Benchmarks for Automated Commonsense Reasoning: A Survey (2302.04752v2)

Published 9 Feb 2023 in cs.AI

Abstract: More than one hundred benchmarks have been developed to test the commonsense knowledge and commonsense reasoning abilities of AI systems. However, these benchmarks are often flawed and many aspects of common sense remain untested. Consequently, we do not currently have any reliable way of measuring to what extent existing AI systems have achieved these abilities. This paper surveys the development and uses of AI commonsense benchmarks. We discuss the nature of common sense; the role of common sense in AI; the goals served by constructing commonsense benchmarks; and desirable features of commonsense benchmarks. We analyze the common flaws in benchmarks, and we argue that it is worthwhile to invest the work needed ensure that benchmark examples are consistently high quality. We survey the various methods of constructing commonsense benchmarks. We enumerate 139 commonsense benchmarks that have been developed: 102 text-based, 18 image-based, 12 video based, and 7 simulated physical environments. We discuss the gaps in the existing benchmarks and aspects of commonsense reasoning that are not addressed in any existing benchmark. We conclude with a number of recommendations for future development of commonsense AI benchmarks.

Citations (50)

View on Semantic Scholar

Summary

The paper analyzes over 100 benchmarks, revealing that current commonsense tests often fail due to flawed design and narrow scope.
The paper details the evolution of AI commonsense reasoning across multiple domains including language, vision, and robotics.
The paper recommends creating diverse, high-quality benchmarks to address issues like cultural bias and reliance on encyclopedic data.

Benchmarks for Automated Commonsense Reasoning: A Survey

Introduction

The paper "Benchmarks for Automated Commonsense Reasoning: A Survey" focuses on the evaluation of AI systems in terms of commonsense knowledge and reasoning. It notes the development of over a hundred benchmarks but highlights common shortcomings and areas of commonsense that are still untested. The survey aims to describe the essence of commonsense reasoning, the roles benchmarks play, their common flaws, and recommendations for future research.
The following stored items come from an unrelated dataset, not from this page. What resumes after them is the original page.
(* For all $n\geq 1$ and $m\geq 2$, \[2\bar{a}_m(n)=\bar{a}_{m-1}(2n,n).\]
   Context: An overpartition of $n$ is a partition of $n$ in which the first occurrence of each distinct part value may be overlined; an overlined part and a non-overlined part of the same value count as equal. $\bar{a}_m(n)$ is the number of overpartitions of $n$ in which the smallest part value occurs at least $m$ times, and $\bar{a}_m(N,\ell)$ is the number of overpartitions of $N$ in which the smallest part value occurs at least $m$ times and the largest part minus the smallest part equals $\ell$. *)

From mathcomp Require Import all_boot.
Set Implicit Arguments. Unset Strict Implicit. Unset Printing Implicit Defensive.

(* An overpartition of N is encoded by its multiplicity data: for each part
   value v (0 <= v <= N), a pair (multiplicity of v, whether the first
   occurrence of v is overlined).  Multiplicities of positive parts of a
   partition of N are at most N, so 'I_N.+1 suffices. *)
Definition opdata (N : nat) := {ffun 'I_N.+1 -> 'I_N.+1 * bool}.

Definition mult N (f : opdata N) (v : 'I_N.+1) : nat := (f v).1.
Definition overlined N (f : opdata N) (v : 'I_N.+1) : bool := (f v).2.

Definition is_overpartition N (f : opdata N) : bool :=
  [&& [forall v : 'I_N.+1, (v == 0 :> nat) ==> (mult f v == 0) && ~~ overlined f v],
      [forall v : 'I_N.+1, overlined f v ==> (0 < mult f v)] &
      \sum_(v < N.+1) v * mult f v == N].

Definition is_smallest_part N (f : opdata N) (s : 'I_N.+1) : bool :=
  (0 < mult f s) && [forall v : 'I_N.+1, (v < s) ==> (mult f v == 0)].

Definition is_largest_part N (f : opdata N) (l : 'I_N.+1) : bool :=
  (0 < mult f l) && [forall v : 'I_N.+1, (l < v) ==> (mult f v == 0)].

Definition abar (m N : nat) : nat :=
  #|[set f : opdata N | is_overpartition f &&
      [exists s : 'I_N.+1, is_smallest_part f s && (m <= mult f s)]]|.

Definition abar2 (m N l : nat) : nat :=
  #|[set f : opdata N | is_overpartition f &&
      [exists s : 'I_N.+1, exists t : 'I_N.+1,
         [&& is_smallest_part f s, is_largest_part f t, m <= mult f s &
             (t - s == l)%N]]]|.

From mathcomp Require Import all_boot zify.
Set Implicit Arguments. Unset Strict Implicit. Unset Printing Implicit Defensive.

(* Remove one copy of the smallest part s of an overpartition of n, which
   occurs at least m >= 2 times and so stays the smallest part, and add a new
   part s + n, overlined or not: this gives an overpartition of 2n whose
   largest part exceeds its smallest part by n.  Conversely, in such an
   overpartition of 2n the largest part s + n exceeds n, hence occurs exactly
   once and is the only part above n, so removing it and restoring a copy of s
   inverts the map.  The factor 2 is the choice of overline on the new part. *)

Lemma sum_mul_delta (K a : nat) : a < K -> \sum_(v < K) v * (v == a :> nat) = a.
Proof.
move=> aK; rewrite (bigD1 (Ordinal aK)) //= eqxx muln1 big1 ?addn0 // => v.
by rewrite -val_eqE /= => /negbTE ->; rewrite muln0.
Qed.

Lemma leq_sum_term (K u : nat) (F : nat -> nat) : u < K -> F u <= \sum_(v < K) F v.
Proof. by move=> uK; rewrite (bigD1 (Ordinal uK)) //= leq_addr. Qed.

Lemma leq_sum_pair (K u w : nat) (F : nat -> nat) :
  u < K -> w < K -> u != w -> F u + F w <= \sum_(v < K) F v.
Proof.
move=> uK wK uw; rewrite (bigD1 (Ordinal uK)) //= (bigD1 (Ordinal wK)) /=.
  by rewrite addnA leq_addr.
by rewrite -val_eqE /= eq_sym.
Qed.

Lemma card_in_bij (T U : finType) (A : {set T}) (B : {set U}) (f : T -> U) (g : U -> T) :
  {in A, forall x, f x \in B} -> {in B, forall y, g y \in A} ->
  {in A, cancel f g} -> {in B, cancel g f} -> #|A| = #|B|.
Proof.
move=> fAB gBA fK gK; rewrite -(card_in_imset (can_in_inj fK)); apply: eq_card => y.
apply/imsetP/idP => [[x xA ->] | yB]; first exact: fAB.
by exists (g y); rewrite ?gK ?gBA.
Qed.

(* [nu] is [mu] with one part [s] exchanged for a part [t]. *)
Definition trade_part (mu nu : nat -> nat) (s t : nat) : Prop :=
  forall v, nu v + (v == s) = mu v + (v == t).

Section TradePart.
Variables (mu nu : nat -> nat) (s t : nat).
Hypothesis trade : trade_part mu nu s t.

Lemma trade_part_other v : v != s -> v != t -> nu v = mu v.
Proof. by move=> vs vt; have := trade v; rewrite (negbTE vs) (negbTE vt) !addn0. Qed.

Lemma trade_part_src : s != t -> mu s = (nu s).+1.
Proof. by move=> st; have := trade s; rewrite eqxx (negbTE st) addn0 addn1. Qed.

Lemma trade_part_dst : s != t -> nu t = (mu t).+1.
Proof. by move=> st; have := trade t; rewrite eqxx eq_sym (negbTE st) addn0 addn1. Qed.

Lemma trade_part_weight K : s < K -> t < K ->
  \sum_(v < K) v * nu v + s = \sum_(v < K) v * mu v + t.
Proof.
move=> sK tK; rewrite -[s in LHS](sum_mul_delta sK) -[t in RHS](sum_mul_delta tK).
by rewrite -!big_split; apply: eq_bigr => v _; rewrite /= -!mulnDr trade.
Qed.

End TradePart.

Definition min_part (mu : nat -> nat) (s : nat) : Prop :=
  0 < mu s /\ forall v, v < s -> mu v = 0.

Definition max_part (mu : nat -> nat) (t : nat) : Prop :=
  0 < mu t /\ forall v, t < v -> mu v = 0.

Lemma min_part_uniq mu s s' : min_part mu s -> min_part mu s' -> s = s'.
Proof.
move=> [mus lts] [mus' lts']; case: (ltngtP s s') => [/lts' e | /lts e | //].
- by rewrite e in mus.
- by rewrite e in mus'.
Qed.

Lemma min_part_gt0 mu s : mu 0 = 0 -> min_part mu s -> 0 < s.
Proof. by move=> mu0 [mus _]; case: s mus => //; rewrite mu0. Qed.

Lemma min_part_le_max_part mu s t : min_part mu s -> max_part mu t -> s <= t.
Proof. by move=> [_ lts] [mut _]; rewrite leqNgt; apply/negP => /lts e; rewrite e in mut. Qed.

Lemma trade_part_min mu nu s t : s < t -> trade_part mu nu s t ->
  min_part nu s <-> 1 < mu s /\ min_part mu s.
Proof.
move=> st trade; have s_neq_t : s != t by rewrite ltn_eqF.
have same v : v < s -> nu v = mu v.
  by move=> vs; apply: (trade_part_other trade); rewrite ltn_eqF // (ltn_trans vs).
rewrite /min_part (trade_part_src trade s_neq_t) ltnS.
split=> [[nus below] | [nus [_ below]]].
  by split=> //; split=> // v vs; rewrite -same ?below.
by split=> // v vs; rewrite same ?below.
Qed.

Definition multn N (f : opdata N) (v : nat) : nat :=
  if v <= N then mult f (inord v) else 0.

Definition overlinedn N (f : opdata N) (v : nat) : bool :=
  (v <= N) && overlined f (inord v).

Definition opdata_of N (mu : nat -> nat) (ov : nat -> bool) : opdata N :=
  [ffun v : 'I_N.+1 => (inord (mu v), ov v)].

Section OpdataViews.
Variable N : nat.
Implicit Types (f : opdata N) (mu : nat -> nat) (ov : nat -> bool).

Lemma multnE f (v : 'I_N.+1) : multn f v = mult f v.
Proof. by rewrite /multn -ltnS ltn_ord inord_val. Qed.

Lemma overlinednE f (v : 'I_N.+1) : overlinedn f v = overlined f v.
Proof. by rewrite /overlinedn -ltnS ltn_ord inord_val. Qed.

Lemma multn_le f v : multn f v <= N.
Proof. by rewrite /multn; case: ifP => // _; rewrite -ltnS ltn_ord. Qed.

Lemma multn_out f v : N < v -> multn f v = 0.
Proof. by rewrite /multn ltnNge => /negbTE ->. Qed.

Lemma overlinedn_out f v : N < v -> overlinedn f v = false.
Proof. by rewrite /overlinedn ltnNge => /negbTE ->. Qed.

Lemma multn_gt0_le f v : 0 < multn f v -> v <= N.
Proof. by case: (leqP v N) => // /multn_out ->. Qed.

Lemma opdata_of_multn f : opdata_of N (multn f) (overlinedn f) = f.
Proof.
apply/ffunP => v; rewrite ffunE multnE overlinednE /mult /overlined inord_val.
by case: (f v).
Qed.

Lemma eq_opdata_of mu mu' ov ov' :
  mu =1 mu' -> ov =1 ov' -> opdata_of N mu ov = opdata_of N mu' ov'.
Proof. by move=> emu eov; apply/ffunP => v; rewrite !ffunE emu eov. Qed.

Lemma multn_opdata_of mu ov : (forall v, mu v <= N) -> (forall v, N < v -> mu v = 0) ->
  multn (opdata_of N mu ov) =1 mu.
Proof.
move=> mu_le mu_out v; rewrite /multn; case: leqP => [vN | /mu_out //].
by rewrite /mult ffunE /= !inordK ?ltnS.
Qed.

Lemma overlinedn_opdata_of mu ov : (forall v, N < v -> ov v = false) ->
  overlinedn (opdata_of N mu ov) =1 ov.
Proof.
move=> ov_out v; rewrite /overlinedn; case: leqP => [vN | /ov_out //].
by rewrite /overlined ffunE /= inordK ?ltnS.
Qed.

Lemma sum_multn f K : N < K ->
  \sum_(v < K) v * multn f v = \sum_(v < N.+1) v * multn f v.
Proof.
move=> NK; rewrite [RHS](big_ord_widen _ (fun v => v * multn f v) NK) [RHS]big_mkcond /=.
apply: eq_bigr => v _.
by case: ltnP => // /multn_out ->; rewrite muln0.
Qed.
Evolution of Commonsense Reasoning in AI

Over the last decade, commonsense reasoning has gained prominence within the AI research community. Initially considered niche, it is now recognized as a significant challenge in AI. Efforts like DARPA's MCS project and initiatives by the Allen Institute for AI underscore its importance. The research focus has also expanded beyond linguistic reasoning to include areas like computer vision and robotics.

Nature of Commonsense and Benchmarks

The paper distinguishes between "resources" like ConceptNet, which provide support for commonsense tasks, and "benchmarks", which serve to evaluate performance. Benchmarks, constructed from tasks that are naturally solvable by humans, often fail to capture the full extent of commonsense reasoning due to flawed design or narrow scope.

Benchmarks Construction and Common Flaws

Constructing effective benchmarks involves balancing coverage and quality. When defining benchmarks, common pitfalls include reliance on encyclopedic knowledge, lack of complexity in problem-solving, and cultural biases. Artifacts, or unintended clues, can mislead AI systems into performing well without genuine understanding.

Challenges in Commonsense Reasoning Tasks

Commonsense reasoning tasks are challenging to define as they often overlap with other cognitive processes, such as language use and vision. Determining whether a task truly measures commonsense requires careful consideration of the task's context and the AI’s underlying reasoning capabilities. Moreover, tasks should not merely exploit linguistic artifacts but should genuinely challenge the system's understanding.

Purposes and Desiderata for Commonsense Benchmarks

Benchmarks aim to compare systems, measure progress, and highlight overlooked areas in research. Ideal benchmarks should be consistent, adaptable to new AI methodologies, and cover a wide range of domains and modalities. Furthermore, they should facilitate absolute measurement of AI capabilities and serve as resources doubling as training datasets.

Trade-offs in Benchmark Design

Benchmarks face trade-offs between size and precision. Smaller, well-curated benchmarks might offer greater insight into AI capabilities but may lack the sample diversity of larger collections. On the other hand, large datasets can suffer from quality control issues, leading to unreliable assessments.

Recommendations for Future Research

The survey concludes with recommendations for improving commonsense benchmarks. Emphasis is placed on high-quality, diverse datasets that cover a wide array of commonsense knowledge domains. Researchers are encouraged to verify benchmark examples more rigorously and to innovate in designing tasks that truly challenge AI models beyond rote memorization or pattern recognition.

Conclusion

The survey highlights the inadequacies of existing commonsense benchmarks and urges the research community to invest effort into creating high-quality, comprehensive, and transparent benchmarks. These benchmarks are crucial for advancing AI capabilities and ensuring that systems possess the depth of understanding required to perform tasks reliably in the real world.